▶

Lemma mp_indep_nth (L : seq mp) :
  (forall cs : seq R, size cs = size L ->
     mpeq (mpsum [seq mpscale c.1 c.2 | c <- zip cs L]) [::] -> all (fun c => c == 0) cs) ->
  mp_indep (fun i : 'I_(size L) => nth [::] L i).
Proof.
move=> H c Hc j; set cs := [seq c i | i <- enum 'I_(size L)].
have Hs : size cs = size L by rewrite size_map size_enum_ord.
have Hm : mpeq (mpsum [seq mpscale x.1 x.2 | x <- zip cs L]) [::].
  apply: mpeq_of_eval => Z; rewrite mpeval0 mpeval_sum big_map.
  rewrite (big_nth (0, [::])) size_zip Hs minnn big_mkord -[RHS](Hc Z).
  apply: eq_bigr => i _; rewrite nth_zip // mpeval_scale /=.
  by rewrite (nth_map i) ?size_enum_ord // nth_ord_enum.
have /allP /(_ (c j)) := H cs Hs Hm.
by rewrite map_f ?mem_enum // => /(_ isT) /eqP.
Qed.

End Decompositions.

Lemma mp_indep_subst (R : numClosedFieldType) (n : nat) (J : finType)
    (h : J -> mpoly R 'I_n) (T : 'M[R]_n) :
  T \in unitmx -> mp_indep h -> mp_indep (fun j => subst (h j) T).
Proof.
move=> UT Hind c Hc; apply: Hind => W; have := Hc (mxapp (invmx T) W).
by under eq_bigr => j _ do rewrite mpeval_subst mxappKV //.
Qed.

Section QuotientComposition.
Variables (R : numClosedFieldType) (a b A B : nat).
Local Notation n := (a + b + 1)%N.
Local Notation N := (A + B + 1)%N.
Variables (F G : 'I_N -> mpoly R 'I_n) (tau : 'M[R]_n) (chi : 'M[R]_N) (lt lc : R).
Variables (hpF hmF hpG hmG : seq (mpoly R 'I_n)).
Local Notation hF := (hpF ++ hmF).
Local Notation hG := (hpG ++ hmG).
Hypothesis Utau : tau \in unitmx.
Hypotheses (lt0 : lt != 0) (Hlt : forall Z, hnorm b (mxapp tau Z) = lt * hnorm b Z).
Hypotheses (lc0 : lc != 0) (Hlc : forall Z, hnorm B (mxapp chi Z) = lc * hnorm B Z).
Hypothesis Hcomp : forall Z, mapeval F (mxapp tau Z) = mxapp chi (mapeval G Z).
Hypotheses (HdF : holo_decomp_quot b B F hpF hmF) (HdG : holo_decomp_quot b B G hpG hmG).

Let alF (i : 'I_(size hF)) := lt * decomp_sign hpF i.
Let hFtau (i : 'I_(size hF)) := subst (nth [::] hF i) tau.
Let beG (j : 'I_(size hG)) := lc * decomp_sign hpG j.
Let hGj (j : 'I_(size hG)) := nth [::] hG j.

Lemma quotient_comp_relation Z :
  hnorm b Z * (polar_form alF hFtau Z Z - polar_form beG hGj Z Z) = 0.
Proof.
case: HdF => _ _ EqF; case: HdG => _ _ EqG.
have qF : polar_form alF hFtau Z Z =
    lt * (\sum_(h <- hpF) mpeval h (mxapp tau Z) * (mpeval h (mxapp tau Z))^*
          - \sum_(h <- hmF) mpeval h (mxapp tau Z) * (mpeval h (mxapp tau Z))^*).
  rewrite sum_decomp_sign mulr_sumr; apply: eq_bigr => i _.
  by rewrite /alF /hFtau mpeval_subst; ring.
have qG : polar_form beG hGj Z Z =
    lc * (\sum_(h <- hpG) mpeval h Z * (mpeval h Z)^*
          - \sum_(h <- hmG) mpeval h Z * (mpeval h Z)^*).
  by rewrite sum_decomp_sign mulr_sumr; apply: eq_bigr => j _; rewrite /beG; ring.
have := EqF (mxapp tau Z); rewrite Hcomp Hlc EqG Hlt qF qG => E.
by apply/eqP; rewrite mulrBr subr_eq0 [X in _ == X]mulrCA E; apply/eqP; ring.
Qed.

Lemma holo_decomp_comp_span :
  (forall j : 'I_(size hG), exists d : 'I_(size hF) -> R,
     forall W, mpeval (nth [::] hG j) W = \sum_i d i * mpeval (nth [::] hF i) (mxapp tau W)) /\
  (forall i : 'I_(size hF), exists d : 'I_(size hG) -> R,
     forall W, mpeval (nth [::] hF i) W =
               \sum_j d j * mpeval (nth [::] hG j) (mxapp (invmx tau) W)).
Proof.
case: HdF => _ IndF _; case: HdG => _ IndG _.
have n_gt0 : (0 < n)%N by rewrite addn1.
have Hpol := polar_forms_eq n_gt0 quotient_comp_relation.
split=> [j | i].
  have [d Hd] := polar_form_span Hpol (fun j => mulf_neq0 lc0 (decomp_sign_neq0 _ _))
                                 (mp_indep_nth IndG) j.
  by exists d => W; rewrite [LHS]Hd; apply: eq_bigr => i _; rewrite mpeval_subst.
have [d Hd] := polar_form_span (fun Z W => esym (Hpol Z W))
                 (fun i => mulf_neq0 lt0 (decomp_sign_neq0 _ _))
                 (mp_indep_subst Utau (mp_indep_nth IndF)) i.
by exists d => W; have := Hd (mxapp (invmx tau) W); rewrite mpeval_subst mxappKV.
Qed.

End QuotientComposition.

Theorem mainTheorem3 (R : numClosedFieldType) (a b A B : nat)
  (le : mono 'I_(a + b + 1) -> mono 'I_(a + b + 1) -> Prop)
  (Hle : monomial_order le) (Hvars : vars_ordered le)
  (F G : 'I_(A + B + 1) -> mpoly R 'I_(a + b + 1))
  (HF : hom_map F) (HG : hom_map G)
  (HFQ : maps_HQ b B F) (HGQ : maps_HQ b B G)
  (tau : 'M[R]_(a + b + 1)) (chi : 'M[R]_(A + B + 1))
  (Htau : isAutHQ b tau) (Hchi : isAutHQ B chi)
  (Hcomp : forall Z, mapeval F (mxapp tau Z) = mxapp chi (mapeval G Z))
  (hpF hmF hpG hmG : seq (mpoly R 'I_(a + b + 1)))
  (HdF : holo_decomp_quot b B F hpF hmF) (HdG : holo_decomp_quot b B G hpG hmG)
  (M1 M2 : mono 'I_(a + b + 1) -> Prop)
  (H1 : is_gin le (in_ideal_gen (hpF ++ hmF)) M1)
  (H2 : is_gin le (in_ideal_gen (hpG ++ hmG)) M2) :
  forall m, M1 m <-> M2 m.
Proof.
case: Htau => Utau [lt [_ lt0 Hlt]]; case: Hchi => _ [lc [_ lc0 Hlc]].
have [spanG spanF] := holo_decomp_comp_span Utau lt0 Hlt lc0 Hlc Hcomp HdF HdG.
apply: (gin_eq_of_ideal_comp Utau H1 H2) => T q; split; first exact: ideal_comp_transfer.
by move/(ideal_comp_transfer _ spanF); rewrite unitmx_inv mulKmx //; apply.
Qed.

◀

EXERCISE AIM — In the listing above, locate the line containing "forall m, M1 m <-> M2 m." and the line containing "have [spanG spanF]". Extract those two lines and every line between them, exactly as written, and only those.

SOLUTION FOR THIS EXERCISE —
  forall m, M1 m <-> M2 m.
Proof.
case: Htau => Utau [lt [_ lt0 Hlt]]; case: Hchi => _ [lc [_ lc0 Hlc]].
have [spanG spanF] := holo_decomp_comp_span Utau lt0 Hlt lc0 Hlc Hcomp HdF HdG.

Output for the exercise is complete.